More competition is now the norm

 

One of the clearest shifts in the market is the rise in competition.

As more international professionals who do not usually work in the Pacific pursue short-term assignments, competition for donor-funded work has intensified. Local and regional firms now face a denser field, even where demand remains active.

For development agencies, this may look like a wider talent pool. For consultants and firms, it means greater pressure to stand out.

In the Pacific, contextual understanding matters more than ever. Technical capability remains essential, but it is not enough on its own. Development agencies also value practical judgment, regional credibility, stakeholder trust, and the ability to work effectively in complex institutional settings.

Contracts are getting shorter and more fragmented

 

Another clear trend is the shortening of contracts.

Many assignments are now scoped over shorter periods, often with fewer billable days spread across longer calendar windows. This creates operational pressure for consultants and firms alike. Teams must manage overlapping assignments, uncertain timelines, and less predictable revenue.

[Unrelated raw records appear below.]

(* Let $(\mathcal{M},\mathcal{L})$ be a regular symplectic pair with $\mathcal{M},\mathcal{L}\in\mathbb{C}^{2n\times2n}$ and $\mathrm{ind}_\infty(\mathcal{M},\mathcal{L})=1$. Let $\hat n$, $\ell=n-\hat n$, $U_0,U_\infty\in\mathbb{C}^{2n\times\ell}$, $U_1\in\mathbb{C}^{2n\times2\hat n}$, $\mathbf{U}=[U_1\,|\,U_0,U_\infty]$ and a symplectic $\widehat{\mathcal{S}}\in\mathbb{C}^{2\hat n\times 2\hat n}$ satisfy $\mathbf{U}^H\mathcal{J}_n\mathbf{U}=\mathcal{J}_{\hat n}\oplus\mathcal{J}_\ell$, $\mathcal{M}U_0=0$, $\mathcal{L}U_\infty=0$, $\mathcal{M}U_1=\mathcal{L}U_1\widehat{\mathcal{S}}$. For each $\varepsilon>0$ let $\Phi^\varepsilon\in\mathbb{C}^{\ell\times\ell}$ be nonsingular with $\|\Phi^\varepsilon\|\le\varepsilon$, and set $$\mathcal{M}^\varepsilon=\mathcal{M}-\mathcal{L}U_0(\Phi^\varepsilon)^HU_\infty^H\mathcal{J}_n,\qquad \mathcal{L}^\varepsilon=\mathcal{L}+\mathcal{M}U_\infty\Phi^\varepsilon U_0^H\mathcal{J}_n.$$ Then $(\mathcal{M}^\varepsilon,\mathcal{L}^\varepsilon)$ is a regular symplectic pair with $\mathcal{L}^\varepsilon$ invertible, and $$\mathcal{M}^\varepsilon U_0=\mathcal{L}^\varepsilon U_0(\Phi^\varepsilon)^H,\quad \mathcal{M}^\varepsilon U_\infty\Phi^\varepsilon=\mathcal{L}^\varepsilon U_\infty,\quad \mathcal{M}^\varepsilon U_1=\mathcal{L}^\varepsilon U_1\widehat{\mathcal{S}},$$ and $(\mathcal{M}^\varepsilon,\mathcal{L}^\varepsilon)\to(\mathcal{M},\mathcal{L})$ as $\varepsilon\to0$.
   Context: $\mathcal{J}_m=\begin{bmatrix}0&I_m\\-I_m&0\end{bmatrix}$. $\mathcal{S}$ is symplectic if $\mathcal{S}\mathcal{J}_m\mathcal{S}^H=\mathcal{J}_m$. A pair $(\mathcal{M},\mathcal{L})$ is symplectic if $\mathcal{M}\mathcal{J}_n\mathcal{M}^H=\mathcal{L}\mathcal{J}_n\mathcal{L}^H$, regular if $\det(\mathcal{M}-\lambda\mathcal{L})\ne0$ for some $\lambda$. $\mathrm{ind}_\infty(A,B)$ is the nilpotency index of the nilpotent block $N$ in the Kronecker canonical form $PAQ=\mathrm{diag}(J,I)$, $PBQ=\mathrm{diag}(I,N)$ of a regular pair, and is $0$ if $B$ is invertible. *)

From mathcomp Require Import all_boot all_algebra.
From mathcomp Require Import reals.
From mathcomp.real_closed Require Import complex.
Set Implicit Arguments. Unset Strict Implicit. Unset Printing Implicit Defensive.
Import GRing.Theory Num.Theory.
Local Open Scope ring_scope.

Definition ctr (R : realType) m n (A : 'M[R[i]]_(m, n)) : 'M[R[i]]_(n, m) :=
  (map_mx (fun z : R[i] => Num.conj z) A)^T.

Definition Jmx (R : realType) (m : nat) : 'M[R[i]]_(m + m) :=
  block_mx 0 1%:M (- 1%:M) 0.

Definition symplectic (R : realType) m (S : 'M[R[i]]_(m + m)) : Prop :=
  S *m Jmx R m *m ctr S = Jmx R m.

Definition symplectic_pair (R : realType) n (M L : 'M[R[i]]_(n + n)) : Prop :=
  M *m Jmx R n *m ctr M = L *m Jmx R n *m ctr L.

Definition regular_pair (R : realType) m (M L : 'M[R[i]]_m) : Prop :=
  exists lambda : R[i], \det (M - lambda *: L) != 0.

Definition mxpow (R : realType) s (N : 'M[R[i]]_s) (k : nat) : 'M[R[i]]_s :=
  iter k (mulmx N) 1%:M.

Definition nil_index (R : realType) s (N : 'M[R[i]]_s) (k : nat) : Prop :=
  mxpow N k = 0 /\ (forall j, (j < k)%N -> mxpow N j != 0).

(* ind_inf(A, B) = k : in a Weierstrass/Kronecker canonical form
   P A Q = diag(J, I), P B Q = diag(I, N) with N nilpotent, N has
   nilpotency index k (k = 0 iff the N block is empty, i.e. B invertible). *)
Definition ind_inf (R : realType) m (A B : 'M[R[i]]_m) (k : nat) : Prop :=
  exists (r s : nat) (e : (r + s = m)%N) (P Q : 'M[R[i]]_m)
         (J : 'M[R[i]]_r) (N : 'M[R[i]]_s),
    [/\ P \in unitmx, Q \in unitmx,
        P *m A *m Q = castmx (e, e) (block_mx J 0 0 1%:M),
        P *m B *m Q = castmx (e, e) (block_mx 1%:M 0 0 N)
      & nil_index N k].

Definition cabs2 (R : realType) (z : R[i]) : R :=
  complex.Re z ^+ 2 + complex.Im z ^+ 2.

Definition vnorm2 (R : realType) l (x : 'cV[R[i]]_l) : R :=
  \sum_(i < l) cabs2 (x i 0).

Definition spec_norm_le (R : realType) l k (Phi : 'M[R[i]]_(l, k)) (eps : R) : Prop :=
  0 <= eps /\ forall x : 'cV[R[i]]_k, vnorm2 (Phi *m x) <= eps ^+ 2 * vnorm2 x.

(* A_eps --> A as eps --> 0+ (entrywise, equivalently in any norm) *)
Definition mx_cvg0 (R : realType) m n (Aeps : R -> 'M[R[i]]_(m, n)) (A : 'M[R[i]]_(m, n)) : Prop :=
  forall delta : R, 0 < delta -> exists eta : R, 0 < eta /\
    forall eps : R, 0 < eps -> eps < eta ->
      forall i j, Num.sqrt (cabs2 (Aeps eps i j - A i j)) < delta.

From mathcomp Require Import all_boot all_order all_algebra.
From mathcomp Require Import reals lra.
From mathcomp.real_closed Require Import complex.
Set Implicit Arguments. Unset Strict Implicit. Unset Printing Implicit Defensive.
Import Order.TTheory GRing.Theory Num.Theory.
Local Open Scope ring_scope.

(* The J-orthogonality relations packed in U^H J U = J_nh (+) J_l make the
   rank-l corrections vanish on U1 and act on U0, Uinf exactly as required.
   Hence L^eps U = [L U1 | L U0 | M Uinf Phi], while for lam with M - lam L
   invertible, (M - lam L) U = [L U1 (Shat - lam) | -lam L U0 | M Uinf]; since U
   has full rank, [L U1 | L U0 | M Uinf] has full rank, so L^eps is invertible
   and the pair is regular.  Symplecticity is a direct expansion using J^2 = -I,
   J^H = -J and the isotropy of U0 and Uinf.  Convergence holds because the
   corrections are linear in Phi^eps, whose entries are bounded by eps. *)

Section ConjugateTranspose.
Variable R : realType.
Implicit Types m n p : nat.

Lemma ctrM m n p (A : 'M[R[i]]_(m, n)) (B : 'M[R[i]]_(n, p)) :
  ctr (A *m B) = ctr B *m ctr A.
Proof. by rewrite /ctr map_mxM trmx_mul. Qed.

Lemma ctrK m n (A : 'M[R[i]]_(m, n)) : ctr (ctr A) = A.
Proof. by apply/matrixP=> i j; rewrite /ctr !mxE conjCK. Qed.

Lemma ctrD m n (A B : 'M[R[i]]_(m, n)) : ctr (A + B) = ctr A + ctr B.
Proof. by rewrite /ctr map_mxD linearD. Qed.

Lemma ctrB m n (A B : 'M[R[i]]_(m, n)) : ctr (A - B) = ctr A - ctr B.
Proof. by rewrite /ctr map_mxB linearB. Qed.

Lemma ctr_row_mx m n1 n2 (A : 'M[R[i]]_(m, n1)) (B : 'M[R[i]]_(m, n2)) :
  ctr (row_mx A B) = col_mx (ctr A) (ctr B).
Proof. by rewrite /ctr map_row_mx tr_row_mx. Qed.

Lemma ctr_Jmx n : ctr (Jmx R n) = - Jmx R n.
Proof.
rewrite /ctr /Jmx map_block_mx map_mxN map_mx1 !map_mx0 tr_block_mx.
rewrite !trmx0 trmx1 raddfN /= trmx1 opp_block_mx oppr0 opprK.
by congr block_mx; apply/matrixP=> i j; rewrite !mxE.
Qed.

This also changes the business model.

Shorter contracts can reduce predictability and weaken continuity. They can also make it harder to retain strong talent, especially when local and regional rates remain under pressure. For consulting firms, this makes pipeline management, staffing flexibility, and cost discipline more important.

This trend has two practical implications. Firms need delivery models that can handle intermittent assignments without compromising quality. They also need stronger internal planning, flexible resourcing, and tighter cost control to manage shorter and less predictable contracts.

Networks matter more

 

Formal procurement remains central in development consulting. But relationships, reputation, and referrals matter more than many people admit.

In a crowded market, buyers often look for trusted partners. They want firms and consultants they know can deliver, adapt, and work well with stakeholders. Word of mouth does not replace procurement rules. But it does influence who gets noticed, shortlisted, and remembered.

This is especially true in the Pacific.

The region values trust, credibility, and staying power. Firms that invest in long-term relationships, strong local partnerships, and consistent delivery are better placed than those that appear only when a tender is released. That is one reason regional firms such as Pacific Development Consulting continue to play an important role in a tougher market.

The skills mix is shifting

 

Development agencies still need technical expertise. But they increasingly want advisers who can solve problems, work within constraints, and deliver practical results.

In the Pacific, demand remains strong in climate resilience, economic development, governance, safeguarding, health systems, and practical digital transformation.

Specialists still matter. But the strongest consultants now combine technical depth with practical delivery and strong project management and people skills.

What this means for Pacific consultants and firms

 

The market is harder to win.

 

Firms need to be clear about where they are competitive and prove they can deliver.

 

For Pacific firms, the edge is not geography alone. It is the ability to combine regional understanding with technical quality and practical execution.

The firms most likely to succeed will:

  • know their niche

  • deliver well

  • adapt quickly

  • build trust

  • show results

A tougher market. A stronger role for Pacific firms.

 

Development consulting is not disappearing. But it is becoming more competitive and more selective.

In the Pacific, success will depend less on size and more on fit. Firms that understand the context, deliver reliably, and build trust will be better placed to compete in a more selective market.

 

For Pacific Development Consulting, this reinforces a simple view: the future belongs to firms that are grounded in the region, strong on substance, and able to help clients move from ambition to implementation.

This article was developed following recent commentary in Devex on shifts in the global development consulting market, including observations from Pacific Development Consulting’s Managing Partner, Lauro Vives.